Oil Futures Advance, Fade Gains as Mixed Data Slows Ascent

Brian L Milne
By  Brian L. Milne , DTN Refined Fuels Editor

CRANBURY, N.J. (DTN) -- Nearest delivered oil futures on the New York Mercantile Exchange (NYMEX) and Brent crude on the Intercontinental Exchange (ICE) settled Wednesday's session higher but faded gains following mixed macroeconomic data and an unexpected build in commercial crude inventory in the United States.

ICE June Brent futures rallied to a $89.99 five-month high on the spot continuous chart, settling the midweek session up $0.43 at $89.35 per barrel (bbl). NYMEX May West Texas Intermediate futures edged up $0.28 with a $85.43 bbl settlement, trimming an advance to a $86.20 five-month high on a spot continuous basis.

U.S. commercial crude inventory increased 3.21 million bbl to a 451.417 million bbl, more than seven-month high, during the week ended March 29, while up 6.375 million bbl during the most recent two-week period, Energy Information Administration (EIA) reported midmorning. Crude stocks increased 20.352 million bbl, or 4.7%, during the first quarter, with most of the build occurring in mid-February amid deeper-than-expected seasonal maintenance at refineries. Another weekly falloff in U.S. crude exports, down 159,000 barrels per day (bpd) to 4.022 million bpd last week, boosted the net import rate to a 2.596-million-bpd eight-week high.

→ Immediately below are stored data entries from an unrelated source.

Lemma pnorm2_1 s t : 0 <= s -> 0 <= t -> pnorm2 1%:E s t = s + t.
Proof. by move=> s0 t0; rewrite pnorm2E invr1 !powRr1 // addr_ge0. Qed.

Lemma pnorm2_ge0 p s t : 0 <= s -> 0 <= pnorm2 p s t.
Proof.
case: p => [r||] // s0; first exact: powR_ge0.
by rewrite pnorm2_infty le_max s0.
Qed.

Lemma pnorm2s0 {p s} : (1 <= p)%E -> 0 <= s -> pnorm2 p s 0 = s.
Proof.
case: p => [r||] //; last by move=> _ s0; rewrite pnorm2_infty max_l.
rewrite lee_fin => r1 s0; have r0 : 0 < r by apply: lt_le_trans r1.
by rewrite pnorm2E powR0 ?gt_eqF // addr0 powRK.
Qed.

Lemma pnorm20s {p t} : (1 <= p)%E -> 0 <= t -> pnorm2 p 0 t = t.
Proof.
case: p => [r||] //; last by move=> _ t0; rewrite pnorm2_infty max_r.
rewrite lee_fin => r1 t0; have r0 : 0 < r by apply: lt_le_trans r1.
by rewrite pnorm2E powR0 ?gt_eqF // add0r powRK.
Qed.

Lemma ler_pnorm2 {p s t s' t'} : (1 <= p)%E -> 0 <= s -> 0 <= t ->
  s <= s' -> t <= t' -> pnorm2 p s t <= pnorm2 p s' t'.
Proof.
case: p => [r||]; last 2 first.
- by move=> _ _ _ ss tt; rewrite !pnorm2_infty ge_max !le_max ss tt orbT.
- by rewrite leeNy_eq.
rewrite lee_fin => r1 s0 t0 ss tt; have r0 : 0 < r by apply: lt_le_trans r1.
rewrite !pnorm2E; apply: powR_le; first by rewrite invr_ge0 ltW.
  by rewrite addr_ge0 // powR_ge0.
by apply: lerD; apply: powR_le => //; apply: ltW.
Qed.

Lemma pnorm2M {p c s t} : (1 <= p)%E -> 0 <= c -> 0 <= s -> 0 <= t ->
  pnorm2 p (c * s) (c * t) = c * pnorm2 p s t.
Proof.
case: p => [r||] //; last by move=> _ c0 _ _; rewrite !pnorm2_infty maxr_pMr.
rewrite lee_fin => r1 c0 s0 t0; have r0 : 0 < r by apply: lt_le_trans r1.
rewrite !pnorm2E !powRM // -mulrDr powRM ?powRK ?powR_ge0 //.
by rewrite addr_ge0 // powR_ge0.
Qed.

Lemma pnorm2_ge_l {p s t} : (1 <= p)%E -> 0 <= s -> 0 <= t -> s <= pnorm2 p s t.
Proof. by move=> p1 s0 t0; rewrite -{1}(pnorm2s0 p1 s0) ler_pnorm2. Qed.

Lemma pnorm2_ge_r {p s t} : (1 <= p)%E -> 0 <= s -> 0 <= t -> t <= pnorm2 p s t.
Proof. by move=> p1 s0 t0; rewrite -{1}(pnorm20s p1 t0) ler_pnorm2. Qed.

(* [s ^ r = s * s ^ (r - 1) <= s * (s + t) ^ (r - 1)], and symmetrically for t *)
Lemma pnorm2_le_add {p s t} : (1 <= p)%E -> 0 <= s -> 0 <= t ->
  pnorm2 p s t <= s + t.
Proof.
case: p => [r||] //; last first.
  by move=> _ s0 t0; rewrite pnorm2_infty ge_max lerDl lerDr s0 t0.
rewrite lee_fin => r1 s0 t0; have r0 : 0 < r by apply: lt_le_trans r1.
have st0 : 0 <= s + t by rewrite addr_ge0.
have pow_le x : 0 <= x -> x <= s + t -> x `^ r <= x * (s + t) `^ (r - 1).
  move=> x0 xst; rewrite -mulr_powRB1 // ler_wpM2l //.
  by apply: powR_le => //; rewrite subr_ge0.
rewrite pnorm2E -[leRHS](powRK r (s + t) st0 r0); apply: powR_le.
- by rewrite invr_ge0 ltW.
- by rewrite addr_ge0 // powR_ge0.
rewrite -[(s + t) `^ r]mulr_powRB1 // mulrDl.
by apply: lerD; apply: pow_le; rewrite // ?lerDl ?lerDr.
Qed.

Lemma pnorm2_hoelder {r s t a b} : 1 < r -> 0 <= s -> 0 <= t -> 0 <= a -> 0 <= b ->
  a * s + b * t <= pnorm2 r%:E s t * pnorm2 (r / (r - 1))%:E a b.
Proof.
move=> r1 s0 t0 a0 b0; have r0 : 0 < r by apply: lt_trans r1.
rewrite [a * s]mulrC [b * t]mulrC; apply: hoelder2 => //.
- by apply: divr_gt0; rewrite // subr_gt0.
- exact: conjugate_exponent_inv.
Qed.

Lemma powR_addr_le {r s t} : 1 < r -> 0 <= s -> 0 <= t ->
  (s + t) `^ r <= 2 `^ (r - 1) * (s `^ r + t `^ r).
Proof.
move=> r1 s0 t0; have r0 : 0 < r by apply: lt_trans r1.
set q := r / (r - 1).
have h := pnorm2_hoelder r1 s0 t0 ler01 ler01; rewrite !mul1r in h.
have Q2 : pnorm2 q%:E 1 1 = 2 `^ q^-1.
  by rewrite pnorm2E !powR1r.
have e : (pnorm2 r%:E s t * pnorm2 q%:E 1 1) `^ r = 2 `^ (r - 1) * (s `^ r + t `^ r).
  rewrite powRM ?pnorm2_ge0 //.
  rewrite [X in X * _](pnorm2_pow _ _ _ r0) [in X in _ * X]Q2.
  by rewrite -[X in _ * X]powRrM conjugate_exponent_mul // mulrC.
by rewrite -e; apply: powR_le h; [apply: ltW | apply: addr_ge0].
Qed.
(* Let $A$ be an arborescence. The poset consisting of the (arc sets of) nonempty directed paths of $A$, ordered by inclusion, has order dimension at most $3$.
   Context: An arborescence is a directed tree with a root $r$ such that every node is reachable from $r$ by a directed path. The order dimension of a poset $P$ is the least number of linear orders on its ground set whose intersection is the order of $P$. *)

From mathcomp Require Import all_boot.
Set Implicit Arguments. Unset Strict Implicit. Unset Printing Implicit Defensive.

Section Arb.
Variable T : finType.

Definition und (e : rel T) : rel T := fun u v => e u v || e v u.

(* a directed tree: an orientation of a (finite, simple) tree, i.e. no loops,
   no pair of opposite arcs, underlying undirected graph connected and acyclic *)
Definition directed_tree (e : rel T) : Prop :=
  (forall v, ~~ e v v) /\
  (forall u v, e u v -> ~~ e v u) /\
  (forall u v, connect (und e) u v) /\
  (~ exists s : seq T, [/\ 3 <= size s, uniq s & cycle (und e) s]).

Definition arborescence (e : rel T) (r : T) : Prop :=
  directed_tree e /\ forall v, connect e r v.

Definition ne_dipath (e : rel T) (p : seq T) : bool :=
  match p with
  | [::] => false
  | x :: s => [&& 0 < size s, uniq p & path e x s]
  end.

Definition arcs (p : seq T) : {set T * T} := [set a in zip p (behead p)].

Definition path_arcsets (e : rel T) (S : {set T * T}) : Prop :=
  exists p, ne_dipath e p /\ S = arcs p.
End Arb.

Definition linear_order_on (U : Type) (X : U -> Prop) (L : U -> U -> Prop) :=
  [/\ (forall x, X x -> L x x),
      (forall x y, X x -> X y -> L x y -> L y x -> x = y),
      (forall x y z, X x -> X y -> X z -> L x y -> L y z -> L x z) &
      (forall x y, X x -> X y -> L x y \/ L y x)].

Definition order_dim_le (U : Type) (X : U -> Prop) (le : U -> U -> Prop) (k : nat) :=
  exists L : 'I_k -> U -> U -> Prop,
    (forall i, linear_order_on X (L i)) /\
    (forall x y, X x -> X y -> (le x y <-> forall i, L i x y)).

Domestic demand for distillate fuel dropped back a steep 533,000 bpd to 3.495 million bpd, crushing optimism for a rebound in demand amid an improvement in manufacturing activity in March. Distillate fuel supplied to the U.S. market is down a steep 245,000 bpd or 6.3% against the comparable year-ago period during the four weeks ended March 29 at 3.671 million bpd, according to EIA data.

Gasoline inventory was drawn down a steep 4.256 million bbl during the final week of March, pressing stocks to a 227.816 million bbl 14-week low. Gasoline supplied to the U.S. market jumped 521,000 bpd to a 9.236 million bpd five-month high in closing out the first quarter, EIA data shows.

NYMEX May RBOB futures firmed with a $ 2.7609-gallon settlement, paring an advance to a $2.7910 seven-month high on the spot continuous chart. NYMEX May ULSD futures settled up $0.0205 at $2.7324 per gallon.

More private payroll jobs were created in March than expected, according to the ADP National Employment Report released Wednesday morning which showed job growth of 184,000 compared with expectations for 150,000 new jobs. Job gains were widespread, led by leisure and hospitality, and included new employment in construction and manufacturing. Worker pay expanded last month.

"Inflation has been cooling, but our data shows pay is heating up in both goods and services," said Nela Richardson, chief economist with ADP.

The Bureau of Labor Statistics is scheduled to release the closely watched nonfarm employment report for March at 7:30 a.m. CDT Friday, with the market anticipating job growth of 200,000.

The data is in modest conflict with a slowdown in the service sector, with the Institute of Supply Management on Wednesday morning reporting a 1.2% decline in its purchasing manager's index to 51.4 last month. The sector continues to grow, although service sector employment contracted for a second month in March.